**SOURCE DATA**
(* Let $n\ge 4$, $N=\{1,\dots,n\}$, fix $i_1\in N$ and let $\hat N^c=N\setminus\{i_1\}$. Then the inequality $$\sum_{j\in\hat N^c}\left(x_{i_1j}+x_{ji_1}\right)-\sum_{j,j'\in\hat N^c:\,j\ne j'} x_{jj'}\le 2-\frac{(n-2)(n-3)}{2}$$ is a valid inequality for the weak order polytope $P^n_{WO}$, i.e. it holds for every point $x\in P^n_{WO}$.
   Context: Let $N=\{1,\dots,n\}$ and $A_N=\{(i,j): i,j\in N, i\ne j\}$. A weak order on $N$ is a binary relation $W\subseteq N\times N$ that is reflexive, transitive and total; $(i,j)\in W$ is read ''$i$ is preferred over or tied with $j$''. The characteristic vector of $W$ is $x^W\in\{0,1\}^{A_N}$ with $x^W_{(i,j)}=1$ if $(i,j)\in W$ and $0$ otherwise. The weak order polytope $P^n_{WO}$ is the convex hull of the characteristic vectors of all weak orders on $N$; its points are vectors $x\in\mathbb{R}^{A_N}$ and $x_{ij}$ denotes the coordinate $x_{(i,j)}$. *)

From mathcomp Require Import all_boot all_order all_algebra.
Set Implicit Arguments. Unset Strict Implicit. Unset Printing Implicit Defensive.
Import Order.TTheory GRing.Theory Num.Theory.
Local Open Scope ring_scope.

Definition weak_order (n : nat) (W : rel 'I_n) : Prop :=
  reflexive W /\ transitive W /\ total W.

Definition char_vec (R : pzRingType) (n : nat) (W : rel 'I_n) (i j : 'I_n) : R :=
  (W i j : nat)%:R.

(* Points of R^{A_N} are represented as x : 'I_n -> 'I_n -> R; only the
   off-diagonal coordinates x i j (i != j) are meaningful.
   x lies in the weak order polytope iff (on A_N) it is a convex combination
   of finitely many characteristic vectors of weak orders. *)
Definition in_weak_order_polytope (R : realFieldType) (n : nat)
  (x : 'I_n -> 'I_n -> R) : Prop :=
  exists (k : nat) (lam : 'I_k -> R) (W : 'I_k -> rel 'I_n),
    (forall t, weak_order (W t)) /\
    (forall t, 0 <= lam t) /\
    \sum_(t < k) lam t = 1 /\
    (forall i j : 'I_n, i != j -> x i j = \sum_(t < k) lam t * char_vec R (W t) i j).

From mathcomp Require Import all_boot all_order all_algebra.
From mathcomp Require Import lra.
Import Order.TTheory GRing.Theory Num.Theory.
Local Open Scope ring_scope.

(* The left-hand side is linear and every point of the polytope is a convex
   combination of characteristic vectors, so it suffices to check a single weak
   order W.  Let m = n - 1 and let t be the number of j tied with i1 in W.  By
   totality the arcs at i1 contribute m + t.  For each unordered pair {j, j'}
   avoiding i1, totality gives x_jj' + x_j'j >= 1, and transitivity through i1
   gives 2 when both are tied with i1; so the arcs avoiding i1 contribute at
   least (m(m-1) + t(t-1))/2.  The bound then reduces to (t-1)(t-2) >= 0, true
   for every integer t. *)

Section OffDiagonalSums.

Context {I : finType} (D : pred I).

Lemma sum_offdiag_swap {V : nmodType} (F : I -> I -> V) :
  \sum_(j | D j) \sum_(j' | D j' && (j' != j)) F j' j
  = \sum_(j | D j) \sum_(j' | D j' && (j' != j)) F j j'.
Proof.
rewrite (exchange_big_dep D) => [|j j' _ /andP[] //].
by apply: eq_bigr => j Dj; apply: eq_bigl => j'; rewrite Dj eq_sym.
Qed.

Lemma sum_offdiag_mul {R : pzRingType} (a : I -> R) :
  \sum_(j | D j) \sum_(j' | D j' && (j' != j)) a j * a j'
  = (\sum_(j | D j) a j) ^+ 2 - \sum_(j | D j) a j ^+ 2.
Proof.
rewrite expr2 big_distrlr -sumrB /=; apply: eq_bigr => j Dj.
by rewrite (bigD1 j Dj) /= addrAC subrr add0r.
Qed.

End OffDiagonalSums.

Lemma convex_combination_le (R : numDomainType) (J : finType) (lam f : J -> R)
    (b : R) :
  (forall t, 0 <= lam t) -> \sum_t lam t = 1 -> (forall t, f t <= b) ->
  \sum_t lam t * f t <= b.
Proof.
move=> lam_ge0 lam_sum1 f_le; rewrite -[b]mul1r -lam_sum1 mulr_suml.
by apply: ler_sum => t _; rewrite ler_wpM2l.
Qed.

Section StarMinusClique.

Context {R : pzRingType} {n : nat} (i1 : 'I_n).

Definition star_minus_clique (x : 'I_n -> 'I_n -> R) : R :=
  \sum_(j < n | j != i1) (x i1 j + x j i1)
  - \sum_(j < n | j != i1) \sum_(j' < n | (j' != i1) && (j' != j)) x j j'.

Lemma eq_star_minus_clique {x y : 'I_n -> 'I_n -> R} :
  (forall i j, i != j -> x i j = y i j) ->
  star_minus_clique x = star_minus_clique y.
Proof.
move=> xy; congr (_ - _).
  by apply: eq_bigr => j ji1; rewrite !xy // eq_sym.
apply: eq_bigr => j _; apply: eq_bigr => j' /andP[_ j'j].
by rewrite xy // eq_sym.
Qed.

Lemma star_minus_clique_sum (J : finType) (lam : J -> R)
    (y : J -> 'I_n -> 'I_n -> R) :
  star_minus_clique (fun i j => \sum_t lam t * y t i j)
  = \sum_t lam t * star_minus_clique (y t).
Proof.
under [RHS]eq_bigr do rewrite mulrBr !mulr_sumr.
rewrite sumrB; congr (_ - _); rewrite exchange_big; apply: eq_bigr => j _.
  by rewrite -big_split; apply: eq_bigr => t _; rewrite mulrDr.
under [RHS]eq_bigr do rewrite mulr_sumr.
by rewrite exchange_big.
Qed.

End StarMinusClique.

Definition tied {T : Type} (W : rel T) : rel T := fun i j => W i j && W j i.

Lemma nat_consecutive_prod_ge0 (R : realDomainType) (k : nat) :
  0 <= (k%:R - 1) * (k%:R - 2) :> R.
Proof.
case: k => [|[|k]]; first by rewrite !sub0r mulrNN mulr_ge0.
  by rewrite subrr mul0r.
have := ler0n R k; rewrite -addn2 natrD => k_ge0.
by apply: mulr_ge0; lra.
Qed.

Section WeakOrderVertex.

Variables (R : realFieldType) (n : nat) (i1 : 'I_n) (W : rel 'I_n).
Hypothesis W_weak : weak_order W.

Let chi := char_vec R W.
Let T j : R := (tied W i1 j)%:R.

Lemma char_vec_add_tr i j : chi i j + chi j i = 1 + (tied W i j)%:R.
Proof.
case: W_weak => _ [_ W_total]; rewrite /chi /char_vec /tied.
by have := W_total i j; case: (W i j); case: (W j i); rewrite ?add0r ?addr0.
Qed.

Lemma char_vec_add_tr_ge j j' : 1 + T j * T j' <= chi j j' + chi j' j.
Proof.
case: W_weak => _ [W_trans _]; rewrite char_vec_add_tr lerD2l /T.
have [/andP[ij ji] | _] := boolP (tied W i1 j); last by rewrite mul0r.
have [/andP[ij' j'i] | _] := boolP (tied W i1 j'); last by rewrite mulr0.
by rewrite /tied (W_trans _ _ _ ji ij') (W_trans _ _ _ j'i ij) mulr1.
Qed.

Lemma star_minus_clique_char_vec_le :
  star_minus_clique i1 chi <= 2 - (n%:R - 2) * (n%:R - 3) / 2.
Proof.
pose t := \sum_(j < n | j != i1) T j.
have card_D : \sum_(j < n | j != i1) 1 = n%:R - 1 :> R.
  have n_gt0 : (0 < n)%N := leq_ltn_trans (leq0n i1) (ltn_ord i1).
  by rewrite sumr_const cardC1 card_ord -[in RHS](prednK n_gt0) -natr1 addrK.
have star : \sum_(j < n | j != i1) (chi i1 j + chi j i1) = (n%:R - 1) + t.
  by under eq_bigr do rewrite char_vec_add_tr; rewrite big_split /= card_D.
pose S := \sum_(j < n | j != i1) \sum_(j' < n | (j' != i1) && (j' != j)) chi j j'.
have T2 j : T j ^+ 2 = T j by rewrite /T; case: tied; rewrite ?expr1n ?expr0n.
have all_pairs := sum_offdiag_mul (fun j : 'I_n => j != i1) (fun _ => 1 : R).
rewrite /= mulr1 expr1n card_D in all_pairs.
have tied_pairs := sum_offdiag_mul (fun j : 'I_n => j != i1) T.
rewrite (eq_bigr _ (fun j _ => T2 j)) -/t in tied_pairs.
have pairs_le : \sum_(j < n | j != i1) \sum_(j' < n | (j' != i1) && (j' != j))
    (1 + T j * T j') <= S + S.
  have S_swap : S = \sum_(j < n | j != i1) \sum_(j' < n | (j' != i1) && (j' != j))
      chi j' j by rewrite sum_offdiag_swap.
  rewrite {2}S_swap /S -big_split; apply: ler_sum => j _.
  by rewrite -big_split; apply: ler_sum => j' _; apply: char_vec_add_tr_ge.
have t_nat := nat_consecutive_prod_ge0 R (\sum_(j < n | j != i1) tied W i1 j).
rewrite natr_sum -/t in t_nat.
move: pairs_le; rewrite /star_minus_clique star -/S.
under eq_bigr do rewrite big_split /=; rewrite big_split /= all_pairs tied_pairs.
by move=> pairs_le; lra.
Qed.

End WeakOrderVertex.

Theorem mainTheorem1 (R : realFieldType) (n : nat) (hn : (4 <= n)%N)
  (i1 : 'I_n) (x : 'I_n -> 'I_n -> R) :
  in_weak_order_polytope x ->
  \sum_(j < n | j != i1) (x i1 j + x j i1)
  - \sum_(j < n | j != i1) \sum_(j' < n | (j' != i1) && (j' != j)) x j j'
  <= 2 - (n%:R - 2) * (n%:R - 3) / 2.
Proof.
case=> k [lam [W [W_weak [lam_ge0 [lam_sum1 x_eq]]]]].
rewrite -/(star_minus_clique i1 x) (eq_star_minus_clique i1 x_eq).
rewrite star_minus_clique_sum; apply: convex_combination_le => // t.
exact: star_minus_clique_char_vec_le.
Qed.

**ACTIVITY**
I'd like the lines above from the one with "reflexive W /\ transitive W /\ total W." up to and including the one with "x lies in the" copied exactly, with no other lines.

**TASK SOLUTION**
  reflexive W /\ transitive W /\ total W.

Definition char_vec (R : pzRingType) (n : nat) (W : rel 'I_n) (i j : 'I_n) : R :=
  (W i j : nat)%:R.

(* Points of R^{A_N} are represented as x : 'I_n -> 'I_n -> R; only the
   off-diagonal coordinates x i j (i != j) are meaningful.
   x lies in the weak order polytope iff (on A_N) it is a convex combination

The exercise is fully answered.